Jason Thompson

Personal information
- Date of birth: November 11, 1981 (age 43)
- Place of birth: Garland, Texas
- Position: Striker

College career
- Years: Team / Apps / (Gls)
- 2000–2002: Eastern Illinois University /  / (40)

Senior career*
- Years: Team / Apps / (Gls)
- 2003–2004: Dallas Burn / 1
- 2004–2005: D.C. United / 2
- Total:  / 3

= Jason Thompson (soccer) =

American soccer player

Jason Thompson (born on November 22, 1981, in Garland, Texas) is an American soccer player who last played striker for D.C. United of Major League Soccer.

Thompson played college soccer at Eastern Illinois University from 2000 to 2002. Thompson had a very strong start in his freshman year, surprising everybody by scoring 21 goals to lead the NCAA Division I, and was named the Missouri Valley Conference Newcomer of the Year and chosen for Soccer America's All-Freshman team. Thompson's next year was mediocre, due to injuries, as he scored only five goals. Thompson did significantly better in 2002, however, finishing the year with 14 goals and four assists, earning him a first-team All-Midwest selection. Because of his performances for the Under-23 United States Men's National Soccer Team, Thompson was offered a Nike Project-40 contract after his junior season, which he accepted.

As well as still holding the school record for the most goals scored in a single season (21 goals in 2000), Thompson is also the record holder for most goals scored in a single game, when he scored six in a 2002 match up with the Belmont Bruins.
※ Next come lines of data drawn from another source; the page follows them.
(* A nonzero f in I cap P^ has its leading term divisible by that of some
   g in G; g cannot be some gZ k, else z_k would divide LT(f). *)
Lemma G_hat_reduced : is_reduced_GB le (Ihat I z) G_hat.
Proof.
case: G_reduced => [[G_in lead] monic red].
split; [split|move=> g; rewrite mem_filter => /andP [_ /monic] //|].
- move=> g; rewrite mem_filter => /andP [/forallP free g_in].
  by have [Ig g0] := G_in g g_in.
- move=> p [Ip pP] p0; have [g g_in g_div] := lead p Ip p0.
  exists g; rewrite // mem_filter g_in andbT.
  apply/negP => /negP /not_free_of_Z [k [m [m_in m_div]]].
  move: g_div; rewrite (divisible_term_owner g_in m_in m_div) (gZ_spec k).2 => z_div.
  by move/negP: (pP k); apply; apply: in_indets_term (mLT_in le_order p0) z_div.
- by move=> g g'; rewrite !mem_filter => /andP [_ g_in] /andP [_ g'_in]; apply: red.
Qed.

Lemma reduced_GB_Z_separating : Z_separating_GB le I z G.
Proof.
exists gZ, G_hat; split; last exact: G_split.
split; [exact: gZ_coherent | by move=> i; case: (gZ_spec i) | exact: G_hat_reduced |].
by case: G_reduced => GB _ _; apply: is_GB_eq_mem G_split GB.
Qed.

End PartA.

Unset Implicit Arguments.

Theorem proposition2p12 (K : fieldType) (n s : nat) (I : {mpoly K[n]} -> Prop)
    (z : 'I_s -> 'I_n) (le : rel 'X_{1..n}) :
  is_ideal I -> (forall f, I f -> in_M f) ->
  (0 < s)%N -> injective z ->
  term_order le -> Z_separating_order le I z ->
  (forall G, is_reduced_GB le I G -> Z_separating_GB le I z G) /\
  (forall (f : 'I_s -> {mpoly K[n]}) (gs : seq {mpoly K[n]}),
     Z_separating_GB_data le I z f gs ->
     forall h : 'I_s -> {mpoly K[n]},
       (forall i, is_NF le (Ihat I z) (tail (z i) (f i)) (h i)) ->
       is_reduced_GB le I ([seq 'X_(z i) - h i | i <- enum 'I_s] ++ gs)).
Proof.
move=> I_ideal I_in_M _ z_inj le_order sep_order; split.
- by move=> G G_reduced; exact: (reduced_GB_Z_separating le_order I_in_M z_inj sep_order G_reduced).
- by move=> f gs data h h_NF; exact: (newG_reduced le_order I_ideal I_in_M z_inj data h_NF).
Qed.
Thompson was selected 15th overall, in the 2003 MLS SuperDraft by his hometown Dallas Burn. Unfortunately, Thompson tore his ACL during the preseason while playing with the U-23 team, and missed all of the 2003 season. On returning in 2004, Thompson had trouble breaking into new coach Colin Clarke's veteran-dominated lineup and was traded to D.C. United. Competition among forwards was equally strong at D.C., however, and although Thompson played a target forward role unlike United's other strikers, he only made one appearance for the team, coming on as a substitute and played 60 minutes. D.C. United went on to win the 2004 MLS Cup with a 3–2 victory over Kansas City Wizards, at The Home Depot Center in Carson, California. Thompson went on to play the entire 2005 season with D.C. United, one that saw United finish second in the Eastern Conference, before he was released into the waiver draft of that subsequent off-season.

Thompson completed his Doctor of Medicine at The University of Texas School of Medicine at San Antonio. He is currently an Orthopedic Surgery Resident at The University of Texas School of Medicine at San Antonio.
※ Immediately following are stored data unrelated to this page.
Lemma D_pred_rev k r : D_pred k (rev r) =
  if r is a :: _ then (count_mem a r == k) && distinct_except a r else false.
Proof.
case: r => [|a r] //; rewrite /D_pred -/(distinct_except _ _) distinct_except_rev count_rev.
by rewrite rev_cons last_rcons -size_eq0 size_rcons.
Qed.

Lemma P'_pred_rev k r :
  P'_pred k (rev r) = (count_mem 1 r == k.-1) && distinct_except 1 r.
Proof. by rewrite /P'_pred -/(distinct_except _ _) distinct_except_rev count_rev. Qed.

Lemma P''_pred_rev k r : sorted leq r ->
  P''_pred k (rev r) = if r is a :: b :: _ then
    [&& b == a.+1, count_mem a r == 1, count_mem b r == k.-1 & distinct_except b r]
  else false.
Proof.
move=> r_sorted; rewrite /P''_pred rev_undup_rev //.
case: r r_sorted => [|a r] // a_r; have r_sorted := path_sorted a_r.
have head_r := head_undup_sorted r_sorted; rewrite [undup _]/=.
case: ifPn => [a_in | a_notin].
  transitivity false.
    have head_a : head 0 (undup r) = a by rewrite head_r (sorted_leq_mem_head a_r a_in).
    case: (undup r) head_a => [|s1 [|s2 t]] //= ->.
    by rewrite count_rev count_mem_head_eq1 a_in andbF.
  by case: r a_in {a_r r_sorted head_r} => // b r a_in; rewrite count_mem_head_eq1 a_in andbF.
case: r a_notin {a_r} r_sorted head_r => // b r a_notin _.
have : b \in undup (b :: r) by rewrite mem_undup mem_head.
case: (undup (b :: r)) => [|b' t] //= _ ->.
by rewrite !count_rev -/(distinct_except b (rev _)) distinct_except_rev addn1 -!andbA.
Qed.

Lemma ptn_count_P1 n :
  ptn_count n P1_pred = ptn_count n.+1 (fun p => uniq p && (1 \in p)).
Proof.
apply: (ptn_count_bij (f := cons 1) (g := behead)) => [r | r | r _ // | r].
- rewrite !asc_ptnE rev_uniq mem_rev => /and4P[r_sorted r_pos /eqP r_sum].
  rewrite P1_pred_rev // => r_gt1; have r1_sorted := sorted_cons1 r_pos r_sorted.
  by rewrite (uniq_sorted_leq r1_sorted) r1_sorted /= r_pos r_sum add1n r_gt1 inE !eqxx.
- rewrite !asc_ptnE rev_uniq mem_rev => /and4P[r_sorted r_pos /eqP r_sum /andP[r_uniq]].
  rewrite mem1_sorted_pos // uniq_sorted_leq // in r_uniq *.
  case: r r_sorted r_pos r_sum r_uniq => // a r r_sorted /= /andP[_ r_pos] r_sum r_lt /eqP a1.
  subst a; rewrite (path_sorted r_sorted) r_pos P1_pred_rev ?(path_sorted r_sorted) //=.
  by rewrite r_lt andbT; move: r_sum; rewrite add1n => -[->].
- rewrite asc_ptnE rev_uniq mem_rev => /and4P[r_sorted r_pos _ /andP[_]].
  by rewrite mem1_sorted_pos //; case: r {r_sorted r_pos} => //= a r /eqP ->.
Qed.

Definition decr_head (r : seq nat) : seq nat :=
  if r is a :: s then a.-1 :: s else r.

Lemma ptn_count_P2 n : 0 < n ->
  ptn_count n P2_pred = ptn_count n.+1 (fun p => uniq p && (1 \notin p)).
Proof.
case: n => // n _.
apply: (ptn_count_bij (f := incr_nth^~ 0) (g := decr_head)) => -[|a s] //.
- rewrite !asc_ptnE rev_uniq mem_rev => /and4P[a_s a_s_pos /eqP sum_as].
  rewrite P2_pred_rev // => a_lt_s.
  rewrite /= in a_s_pos sum_as; case/andP: a_s_pos => a_pos s_pos.
  have as_sorted : sorted leq (a.+1 :: s) by rewrite /= (sub_path ltnW).
  rewrite as_sorted (uniq_sorted_leq as_sorted) mem1_sorted_pos /= ?s_pos //.
  by rewrite addSn sum_as eqxx a_lt_s eqSS -lt0n a_pos.
- rewrite !asc_ptnE rev_uniq mem_rev => /and4P[a_s a_s_pos /eqP sum_as /andP[]].
  rewrite mem1_sorted_pos // (uniq_sorted_leq a_s) /= => a_lt_s a_neq1.
  rewrite /= in a_s_pos sum_as; case/andP: a_s_pos => a_pos s_pos.
  have a's_sorted : path leq a.-1 s := path_le leq_trans (leq_pred a) a_s.
  rewrite a's_sorted P2_pred_rev // prednK // a_lt_s s_pos andbT.
  apply/andP; split; lia.
- by rewrite asc_ptnE => /and4P[_ /= /andP[a_pos _] _ _]; rewrite prednK.
Qed.

Lemma ptn_count_P' k n : 0 < k ->
  P' k n = ptn_count n.+1 (fun p => D_pred k p && (1 \in p)).
Proof.
move=> k_gt0; apply: (ptn_count_bij (f := cons 1) (g := behead)) => [r | r | r _ // | r].
- rewrite !asc_ptnE P'_pred_rev D_pred_rev mem_rev => /and4P[r_sorted r_pos /eqP r_sum].
  case/andP=> /eqP count1 dist1; rewrite sorted_cons1 //= r_pos r_sum add1n eqxx.
  by rewrite count1 add1n prednK // distinct_except_cons_eq dist1 inE eqxx.
- rewrite !asc_ptnE D_pred_rev mem_rev => /and4P[r_sorted r_pos /eqP r_sum /andP[]].
  rewrite mem1_sorted_pos //; case: r r_sorted r_pos r_sum => // a r a_r.
  move=> /= /andP[_ r_pos] r_sum /andP[count_a dist_a] /eqP a1; subst a.
  rewrite (path_sorted a_r) r_pos P'_pred_rev -distinct_except_cons_eq dist_a.
  by move: r_sum count_a => /=; rewrite !add1n => -[->] /eqP <-; rewrite !eqxx.
- rewrite asc_ptnE mem_rev => /and4P[r_sorted r_pos _ /andP[_]].
  by rewrite mem1_sorted_pos //; case: r {r_sorted r_pos} => //= a r /eqP ->.
Qed.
Once Thompson completed his residency in San Antonio he completed an additional year of fellowship in Canada focusing on orthopedic joints. There he specifically focused on the most complex hips and knee cases in North America. Now, Dr. Thompson is practicing orthopedics in Corpus Christi, TX with South Texas Bone and Joint where he has quickly become one of the busiest, leading and most well respected orthopedic joint doctors in South Texas.